(Stored data)
↓↓↓
Lemma qpoly_eq0_coef0_mul_conjq (x : R) :
  (forall k, (k < m)%N -> (x * conjq 'X^k : {poly F})`_0 = 0) -> x = 0.
Proof.
move=> x_orth; apply: val_inj; apply/polyP=> k; rewrite coef0.
have [lt_km | le_mk] := ltnP k m; last first.
  by rewrite nth_default // (leq_trans (size_qpoly x)).
apply: etrans (x_orth k lt_km); rewrite -[in RHS](in_qpolyK x) coef0_mul_conjq.
rewrite modp_qpoly modp_small ?size_polyXn ?size_modR // (bigD1 (Ordinal lt_km)) //=.
rewrite coefXn eqxx mulr1 big1 ?addr0 // => i ne_ik.
by rewrite coefXn (_ : (i == k :> nat) = false) ?mulr0 //; exact: negbTE ne_ik.
Qed.

Lemma eucl_dual_qc_codeE (g11 g12 g21 g22 a b : {poly F}) :
  eucl_dual (qc_code g11 g12 g21 g22) (row_mx (vecR m a) (vecR m b)) <->
  psi a * conjq g11 + psi b * conjq g12 = 0 /\ psi a * conjq g21 + psi b * conjq g22 = 0.
Proof.
split=> [dual | [orth1 orth2] _ [r [s ->]]]; last first.
  rewrite eucl_ip_vecR (_ : _ + _ = conjq r * 0 + conjq s * 0).
    by rewrite !mulr0 addr0 coef0.
  by rewrite -{1}orth1 -orth2; ring.
split; apply: qpoly_eq0_coef0_mul_conjq => k _.
  apply: etrans (dual _ (ex_intro _ 'X^k (ex_intro _ 0 erefl))); rewrite eucl_ip_vecR.
  by apply: (congr1 (fun x : R => (x : {poly F})`_0)); ring.
apply: etrans (dual _ (ex_intro _ 0 (ex_intro _ 'X^k erefl))); rewrite eucl_ip_vecR.
by apply: (congr1 (fun x : R => (x : {poly F})`_0)); ring.
Qed.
↑↑↑
Activity:
Quote only the lines from the line containing "apply: etrans (dual _ (ex_intro _ 0" through the end of the entries, keeping the first and the last.

Exercise output:
apply: etrans (dual _ (ex_intro _ 0 (ex_intro _ 'X^k erefl))); rewrite eucl_ip_vecR.
by apply: (congr1 (fun x : R => (x : {poly F})`_0)); ring.
Qed.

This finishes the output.